Leucemia: crianças de laboratório!!! 

Abigail Breslin

                                                                    

«Salvei uma vida e criei outra», diz Esther!!! Não é uma frase que se ouça muito no dia-a-dia, mas é uma verdade que acompanha muitas famílias que enfrentam o problema da leucemia. Esta frase foi dita por uma mãe, no jornal El Pais, que teve outro bebé para salvar a sua filha Erine de 4 anos através das células estaminais da medula óssea.
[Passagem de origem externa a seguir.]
Lemma rmorph_closed_num f b c d N :
  phi (closed_num f b c d N) = closed_num (phi f) (phi b) (phi c) (phi d) N.
Proof. by rewrite /closed_num; push_rmorph. Qed.

Lemma rmorph_closed_den f b c d N :
  phi (closed_den f b c d N) = closed_den (phi f) (phi b) (phi c) (phi d) N.
Proof. by rewrite /closed_den; push_rmorph. Qed.

Lemma rmorph_k_num f b c d N :
  phi (k_num f b c d N) = k_num (phi f) (phi b) (phi c) (phi d) (phi N).
Proof. by rewrite /k_num; push_rmorph. Qed.

Lemma rmorph_k_num_shift f b c d N :
  phi (k_num_shift f b c d N) = k_num_shift (phi f) (phi b) (phi c) (phi d) (phi N).
Proof. by rewrite /k_num_shift; push_rmorph. Qed.

End RmorphCleared.

Section GenericPoint.

Variables (F0 F : fieldType) (io : {rmorphism F0 -> F}) (f : F).
Hypothesis f_transcendental :
  forall p : {poly F0}, p != 0 -> (map_poly io p).[f] != 0.
Hypothesis char0 : forall m : nat, (m.+1)%:R != 0 :> F0.

Lemma natrS_neq0 m : (m.+1)%:R != 0 :> F.
Proof. by rewrite -(rmorph_nat io) fmorph_eq0. Qed.

Lemma fact_neq0 n : (n`!)%:R != 0 :> F.
Proof. by rewrite -(prednK (fact_gt0 n)) natrS_neq0. Qed.

Lemma natrB_neq0 (k m : nat) : (m < k)%N -> k%:R - m%:R != 0 :> F.
Proof.
move=> hmk; rewrite -natrB ?(ltnW hmk) //.
by rewrite -(prednK (_ : 0 < k - m)%N) ?subn_gt0 // natrS_neq0.
Qed.
(* Pair up the vertices and put exactly one vertex of each pair into [X], choosing
   the sides independently and uniformly; then [|X| = |Y| = n/2].  As [G] is
   [d]-regular, each required degree of [v] is [|N(v) :&: X|] or [d - |N(v) :&: X|],
   so it suffices that [|N(v) :&: X|] is within [t = d^(2/3)] of [d/2] for all [v].  Now
   [2 |N(v) :&: X| - d] is a sum of independent signs, one per pair meeting [N(v)]
   (a pair inside [N(v)] contributes [1 - 1 = 0]), so the exponential moment bound
   shows that [v] fails for at most a fraction [2 exp(2 l^2 d - 2 l t)] of the
   [2^(n/2)] choices.  The failure of [v] depends only on the pairs meeting [N(v)],
   hence is independent of the failures of all but [2 d^2] vertices.  With
   [l = d^(-1/3) / 2] the fraction is [2 exp(- d^(1/3) / 2)], and the counting form
   of the Lovasz Local Lemma gives a choice with no failure once [d >= 2^96]. *)

From Stdlib Require Import Reals Lra Lia.
From mathcomp Require Import all_boot Rstruct zify.

Local Open Scope R_scope.

Lemma leq_card_bigcup (T I : finType) (P : {pred I}) (F : I -> {set T}) :
  (#|\bigcup_(i in P) F i| <= \sum_(i in P) #|F i|)%N.
Proof.
elim/big_rec2: _ => [|i U k _ le_Uk]; first by rewrite cards0.
by rewrite cardsU (leq_trans (leq_subr _ _)) ?leq_add.
Qed.

Lemma INR_leq {m n : nat} : (m <= n)%N -> INR m <= INR n.
Proof. by move/leP; apply: le_INR. Qed.

Lemma INR_expn (m k : nat) : INR (m ^ k) = INR m ^ k.
Proof. by elim: k => [|k IHk] //; rewrite expnS -multE mult_INR IHk. Qed.

Lemma INR_cardsID {T : finType} (A B : {set T}) :
  INR #|A| = INR #|A :&: B| + INR #|A :\: B|.
Proof. by rewrite -plus_INR plusE cardsID. Qed.

Lemma INR_sum (I : finType) (P : {pred I}) (f : I -> nat) :
  INR (\sum_(j in P) f j) = \big[Rplus/0]_(j in P) INR (f j).
Proof. exact: (big_morph INR plus_INR). Qed.

Lemma big_Rplus_le (I : Type) (r : seq I) (P : pred I) (F G : I -> R) :
  (forall j, P j -> F j <= G j) ->
  \big[Rplus/0]_(j <- r | P j) F j <= \big[Rplus/0]_(j <- r | P j) G j.
Proof.
move=> leFG; apply: (big_ind2 (fun x y => x <= y)) => //; first lra.
by move=> *; apply: Rplus_le_compat.
Qed.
Estes termos podem ser difíceis de perceber quando não somos médicos, biólogos ou pessoas ligadas directamente às ciências médicas.
Devem estar a perguntar o porquê de eu ter escolhido este tema!!! Apesar de ser bióloga, não lido directamente com isso, ou pelo menos não deveria lidar, mas faz parte do currículo do curso de Biologia Marinha, a parte da genética molecular, e portanto depois de tanto estudar células, doenças e curas, começamos a interessar-nos verdadeiramente por estas áreas que não estão directamente ligadas com o nosso curso. Para além disso, no outro dia fiquei muito interessada em ver um filme que está precisamente em cartaz, “My Sister’s Keeper” (Para a Minha Irmã) – passo a publicidade – que fala precisamente sobre este tema. Ainda não vi o filme, ofereceram-me o livro que foi adaptado para este filme, e é sempre bom ler o livro antes, para ver se a nossa imaginação corresponde à “realidade” do grande ecrã.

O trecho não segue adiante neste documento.